Chris Moore · Jul 5, 2018

There are faults in da6, ada1 and ada2 in the text you posted. The on in da6 is the SAS controller and the ada errors are the SATA controller. It is very unusual to be receiving so many errors ...

IceBoosteR said:
Do you have any idea how this could all happen? It was first only one disk affected, now its another one. Its hot here in Germany right now, but the system is at 40 degrees

It was my first thought that it could be an overheating issue. If it did overheat, the controllers may be damaged to the point that they would need to be replaced. Can you get the temperature in the room down? I would shoot for a room temperature of 24°C if at all possible and be sure there is good airflow inside the case.

IceBoosteR · Jul 5, 2018

Room temperature is 23°.
I have an IR device to get the temperatur of the system. No component is over 41° and the LSI controller is the hottest device...

I lost a ton of data. Good that I have a backup. But jesus!
I have pressed a button on the power supplys back, to enable the internal fan to work all the time.
https://seasonic.com/focus-plus-platinum

I guess that caused the issue. This killed everything and the cause of the previous error was caused by the PSU. can that be true?

Damn all the things.

IceBoosteR · Jul 5, 2018

But that mean that the SAS controller (LSI 2008) is not the root cause. Maybe its the mainboard. But I have no guess how to troubleshoot that! :'(

Elliot Dierksen · Jul 5, 2018

I would have to say that either power or temperature is the most likely cause because you have errors across multiple high level devices. It could be the main board, but that seems less likely than power or temp.

IceBoosteR · Jul 5, 2018

I would say that the temperatur is not hte problem. As I guess this big fat failure occurs when I pressed that button, the PSU killed the system. I am not sure why ZFS is killing my pool. I am not at the point to sync any data I have access to. Only 50% of the shares are available as the filesystem is corrupt.
MY GOD...

The best option would be to RMA that PSU. Does Seasonic gives me compensation? :/

kdragon75 · Jul 5, 2018

do you have any other equipment on the power circuit? Refrigerator, air compressor, dehumidifier, microwave, stove, dishwasher, cloths washer, or anything else that may draw a larger amount of power ot have a large inductive load (think electric motors.) Do you have a UPS inlist with your system? If you got all those errors when you turned on a fan on the PSU I would assume the PSU is toast built it may not be its fault.

IceBoosteR · Jul 6, 2018

No, the NAS, the UPS and a rapberry pi are on that rail, which is secured with the 16A fuse (or I guess so). Of course in my household is running a refrigerator and so on.
Can you explain your sentence:

kdragon75 said:
If you got all those errors when you turned on a fan on the PSU I would assume the PSU is toast built it may not be its fault.

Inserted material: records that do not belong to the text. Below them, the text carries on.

(* Let $X$ be a normed linear space, $F:X\rightrightarrows\mathbb{R}^p$ a set-valued map, $(x,y)\in\mathrm{gph}F$. Assume $F$ is Lipschitz around $x$ and $y\in\mathcal{PE}(F(x),P)$. Then $DF_\uparrow((x,y);0)\cap(-P)=\{0\}$, and for every $v\in X$ the sets $DF_\uparrow((x,y);v)$ and $DF((x,y);v)$ are $P$-bounded.
   Context: $P\subset\mathbb{R}^p$ is a closed convex pointed cone containing $0$ with nonempty interior; $F_\uparrow(x)=F(x)+P$. $\mathcal{E}(S,P)=\{y\in S:(y-P)\cap S=\{y\}\}$; contingent cone $T_S(z)=\{v:\exists h_k\to0^+,\exists v_k\to v,z+h_kv_k\in S\}$; $\mathcal{PE}(S,P)=\{y\in\mathcal{E}(S,P):T_{S+P}(y)\cap(-P)=\{0\}\}$. $F$ is Lipschitz around $x$ if there are $l>0$ and a neighborhood $\mathcal{O}$ of $x$ with $F(x_1)\subset F(x_2)+l\|x_1-x_2\|\mathbf{B}$ for $x_1,x_2\in\mathcal{O}$. The contingent derivative $DF(x,y)$ has graph $T_{\mathrm{gph}F}(x,y)$; value at $v$ written $DF((x,y);v)$. Recession cone of nonempty $S\subset\mathbb{R}^p$: $S^+=\{z:\exists h_k\to0^+,\exists y_k\in S,h_ky_k\to z\}$. $S$ is $P$-bounded if $S^+\cap(-P)=\{0\}$. *)

From Stdlib Require Import Reals Lra.
From Stdlib Require Fin.
Open Scope R_scope.

Record NormedSpace := {
  ns_car :> Type;
  vzero : ns_car;
  vadd : ns_car -> ns_car -> ns_car;
  vopp : ns_car -> ns_car;
  vscal : R -> ns_car -> ns_car;
  vnorm : ns_car -> R;
  vadd_assoc : forall a b c, vadd a (vadd b c) = vadd (vadd a b) c;
  vadd_comm : forall a b, vadd a b = vadd b a;
  vadd_0 : forall a, vadd a vzero = a;
  vadd_opp : forall a, vadd a (vopp a) = vzero;
  vscal_addr : forall t a b, vscal t (vadd a b) = vadd (vscal t a) (vscal t b);
  vscal_addl : forall s t a, vscal (s + t) a = vadd (vscal s a) (vscal t a);
  vscal_mul : forall s t a, vscal (s * t) a = vscal s (vscal t a);
  vscal_1 : forall a, vscal 1 a = a;
  vnorm_eq0 : forall a, vnorm a = 0 -> a = vzero;
  vnorm_scal : forall t a, vnorm (vscal t a) = Rabs t * vnorm a;
  vnorm_triangle : forall a b, vnorm (vadd a b) <= vnorm a + vnorm b
}.
Arguments vzero {_}.
Arguments vadd {_} _ _.
Arguments vopp {_} _.
Arguments vscal {_} _ _.
Arguments vnorm {_} _.

Definition vsub {X : NormedSpace} (a b : X) : X := vadd a (vopp b).

Definition cvX {X : NormedSpace} (u : nat -> X) (l : X) : Prop :=
  forall eps, 0 < eps -> exists N, forall k, (N <= k)%nat -> vnorm (vsub (u k) l) < eps.

Definition Vec (p : nat) := Fin.t p -> R.
Definition vec0 {p} : Vec p := fun _ => 0.
Definition vecadd {p} (a b : Vec p) : Vec p := fun i => a i + b i.
Definition vecopp {p} (a : Vec p) : Vec p := fun i => - a i.
Definition vecscal {p} (t : R) (a : Vec p) : Vec p := fun i => t * a i.

Definition cvV {p} (u : nat -> Vec p) (l : Vec p) : Prop :=
  forall eps, 0 < eps -> exists N, forall k, (N <= k)%nat ->
    forall i, Rabs (u k i - l i) < eps.

Definition set_eq {T : Type} (A B : T -> Prop) : Prop := forall z, A z <-> B z.

Definition ordering_cone {p} (P : Vec p -> Prop) : Prop :=
  P vec0 /\
  (forall t a, 0 <= t -> P a -> P (vecscal t a)) /\
  (forall t a b, 0 <= t <= 1 -> P a -> P b ->
      P (vecadd (vecscal t a) (vecscal (1 - t) b))) /\
  (forall a, P a -> P (vecopp a) -> a = vec0) /\
  (forall u l, (forall k, P (u k)) -> cvV u l -> P l) /\
  (exists c r, 0 < r /\ forall w, (forall i, Rabs (w i - c i) < r) -> P w).

Definition setaddP {p} (S P : Vec p -> Prop) : Vec p -> Prop :=
  fun w => exists y q, S y /\ P q /\ w = vecadd y q.

Definition Fup {X : NormedSpace} {p} (F : X -> Vec p -> Prop) (P : Vec p -> Prop)
  : X -> Vec p -> Prop := fun x => setaddP (F x) P.

Definition negP {p} (P : Vec p -> Prop) : Vec p -> Prop := fun w => P (vecopp w).

Definition Eff {p} (S P : Vec p -> Prop) (y : Vec p) : Prop :=
  S y /\ set_eq (fun w => (exists q, P q /\ w = vecadd y (vecopp q)) /\ S w)
                (fun w => w = y).

Definition Tcone {p} (S : Vec p -> Prop) (z : Vec p) (v : Vec p) : Prop :=
  exists h : nat -> R, (forall k, 0 < h k) /\ Un_cv h 0 /\
  exists vs : nat -> Vec p, cvV vs v /\
    forall k, S (vecadd z (vecscal (h k) (vs k))).

Definition PEff {p} (S P : Vec p -> Prop) (y : Vec p) : Prop :=
  Eff S P y /\
  set_eq (fun v => Tcone (setaddP S P) y v /\ negP P v) (fun v => v = vec0).

(* Lipschitz around x (ball B taken for the max norm on R^p) *)
Definition Lipschitz_around {X : NormedSpace} {p} (F : X -> Vec p -> Prop) (x : X)
  : Prop :=
  exists l delta, 0 < l /\ 0 < delta /\
  forall x1 x2, vnorm (vsub x1 x) < delta -> vnorm (vsub x2 x) < delta ->
    forall w, F x1 w -> exists w', F x2 w' /\
      forall i, Rabs (w i - w' i) <= l * vnorm (vsub x1 x2).

(* contingent derivative: DF((x,y);v) = {w | (v,w) ∈ T_{gph F}(x,y)} *)
Definition DF {X : NormedSpace} {p} (F : X -> Vec p -> Prop) (x : X) (y : Vec p)
  (v : X) : Vec p -> Prop :=
  fun w => exists h : nat -> R, (forall k, 0 < h k) /\ Un_cv h 0 /\
  exists (vs : nat -> X) (ws : nat -> Vec p), cvX vs v /\ cvV ws w /\
    forall k, F (vadd x (vscal (h k) (vs k))) (vecadd y (vecscal (h k) (ws k))).

Definition rec_cone {p} (S : Vec p -> Prop) : Vec p -> Prop :=
  fun z => exists h : nat -> R, (forall k, 0 < h k) /\ Un_cv h 0 /\
  exists ys : nat -> Vec p, (forall k, S (ys k)) /\
    cvV (fun k => vecscal (h k) (ys k)) z.

Definition P_bounded {p} (P S : Vec p -> Prop) : Prop :=
  set_eq (fun z => rec_cone S z /\ negP P z) (fun z => z = vec0).

(* The whole argument rests on one approximation property (DFup_approx): a
   direction w in DF_up((x,y);v) is, up to an error l*|v| + eps, a direction
   of the set F(x) + P seen from y at an arbitrarily small step.  It follows
   from the Lipschitz property of F_up, which transports the points of
   F_up(x + h v_k) back to F_up(x).  With v = 0 the error vanishes, so
   DF_up((x,y);0) lies in T_{F(x)+P}(y); rescaling an asymptotic direction
   of DF_up((x,y);v) makes the error vanish too, so the recession cone of
   DF_up((x,y);v) lies in T_{F(x)+P}(y) as well.  Proper efficiency then
   kills the intersection with -P.  Since DF((x,y);v) is contained in
   DF_up((x,y);v) and is nonempty (Bolzano-Weierstrass applied to the
   difference quotients provided by the Lipschitz property), 0 belongs to
   both recession cones. *)

From Stdlib Require Import Reals Lra Lia ClassicalEpsilon FunctionalExtensionality.
Open Scope R_scope.

Section NormedSpaceFacts.
Variable X : NormedSpace.
Implicit Types a b : X.

Lemma vadd_cancel_l a b b' : vadd a b = vadd a b' -> b = b'.
Proof.
  intro E.
  assert (K : forall c, vadd (vopp a) (vadd a c) = c).
  { intro c. rewrite vadd_assoc, (vadd_comm _ (vopp a) a), vadd_opp, vadd_comm, vadd_0.
    reflexivity. }
  rewrite <- (K b), <- (K b'), E; reflexivity.
Qed.

Lemma vscal_0l a : vscal 0 a = vzero.
Proof.
  apply (vadd_cancel_l (vscal 0 a)).
  rewrite <- vscal_addl, Rplus_0_l, vadd_0; reflexivity.
Qed.

Lemma vscal_0r t : vscal t (@vzero X) = vzero.
Proof. rewrite <- (vscal_0l vzero), <- vscal_mul, Rmult_0_r; reflexivity. Qed.

Lemma vnorm_0 : vnorm (@vzero X) = 0.
Proof. rewrite <- (vscal_0l vzero), vnorm_scal, Rabs_R0; ring. Qed.

Lemma vopp_scal a : vopp a = vscal (-1) a.
Proof.
  apply (vadd_cancel_l a). rewrite vadd_opp.
  rewrite <- (vscal_1 _ a) at 1. rewrite <- vscal_addl, Rplus_opp_r, vscal_0l.
  reflexivity.
Qed.

Lemma vnorm_opp a : vnorm (vopp a) = vnorm a.
Proof. rewrite vopp_scal, vnorm_scal, Rabs_left by lra; ring. Qed.

Lemma vnorm_ge0 a : 0 <= vnorm a.
Proof.
  pose proof (vnorm_triangle _ a (vopp a)) as T.
  rewrite vadd_opp, vnorm_0, vnorm_opp in T. lra.
Qed.

Lemma vsub_diag a : vsub a a = vzero.
Proof. apply vadd_opp. Qed.

Lemma vsub_addKl a b : vsub (vadd a b) a = b.
Proof.
  unfold vsub. rewrite (vadd_comm _ a b), <- vadd_assoc, vadd_opp, vadd_0.
  reflexivity.
Qed.

Lemma vnorm_sub_addl a b : vnorm (vsub a (vadd a b)) = vnorm b.
Proof.
  unfold vsub. rewrite vopp_scal, vscal_addr, <- !vopp_scal, vadd_assoc, vadd_opp,
    vadd_comm, vadd_0, vnorm_opp.
  reflexivity.
Qed.

Lemma vnorm_le_sub a b : vnorm a <= vnorm (vsub a b) + vnorm b.
Proof.
  replace a with (vadd (vsub a b) b) at 1 by
    (unfold vsub; rewrite <- vadd_assoc, (vadd_comm _ (vopp b) b), vadd_opp, vadd_0;
     reflexivity).
  apply vnorm_triangle.
Qed.

End NormedSpaceFacts.

Lemma vec_ext p (a b : Vec p) : (forall i, a i = b i) -> a = b.
Proof. intro E; apply functional_extensionality, E. Qed.

Lemma vec_bounded p (w : Vec p) : exists M, 0 <= M /\ forall i, Rabs (w i) <= M.
Proof.
  induction p as [|p IH].
  - exists 0. split; [lra|]. intro i. apply (Fin.case0 (fun _ => _) i).
  - destruct (IH (fun i => w (Fin.FS i))) as [M [M_ge0 HM]].
    exists (Rmax M (Rabs (w Fin.F1))). split.
    + eapply Rle_trans; [exact M_ge0|apply Rmax_l].
    + intro i. pattern i; apply (@Fin.caseS' p i).
      * apply Rmax_r.
      * intro j. eapply Rle_trans; [apply HM|apply Rmax_l].
Qed.

Lemma inv_succ_pos n : 0 < / (INR n + 1).
Proof. apply Rinv_0_lt_compat. pose proof (pos_INR n). lra. Qed.

Lemma inv_succ_small eps : 0 < eps ->
  exists N, forall n, (N <= n)%nat -> / (INR n + 1) < eps.
Proof.
  intro eps_pos. destruct (archimed_cor1 eps eps_pos) as [N [HN N_pos]].
  exists N. intros n Hn. apply le_INR in Hn. apply lt_0_INR in N_pos.
  eapply Rle_lt_trans; [|exact HN]. apply Rinv_le_contravar; lra.
Qed.

Lemma inv_succ_cv : Un_cv (fun n => / (INR n + 1)) 0.
Proof.
  intros eps eps_pos. destruct (inv_succ_small eps eps_pos) as [N HN].
  exists N. intros n Hn. unfold R_dist.
  rewrite Rminus_0_r, Rabs_right by (left; apply inv_succ_pos). auto.
Qed.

Is the PSU now toasty or it is not?

I am 99% sure that is was the PSU, I think I will RMA it. Right now I am rebuilding the array and copy all the files from backup to taht pool. I have taken and backup PSU until the other one will arrive.

Or do I miss something here?

Chris Moore · Jul 7, 2018

IceBoosteR said:
I am 99% sure that is was the PSU, I think I will RMA it. Right now I am rebuilding the array and copy all the files from backup to taht pool. I have taken and backup PSU until the other one will arrive.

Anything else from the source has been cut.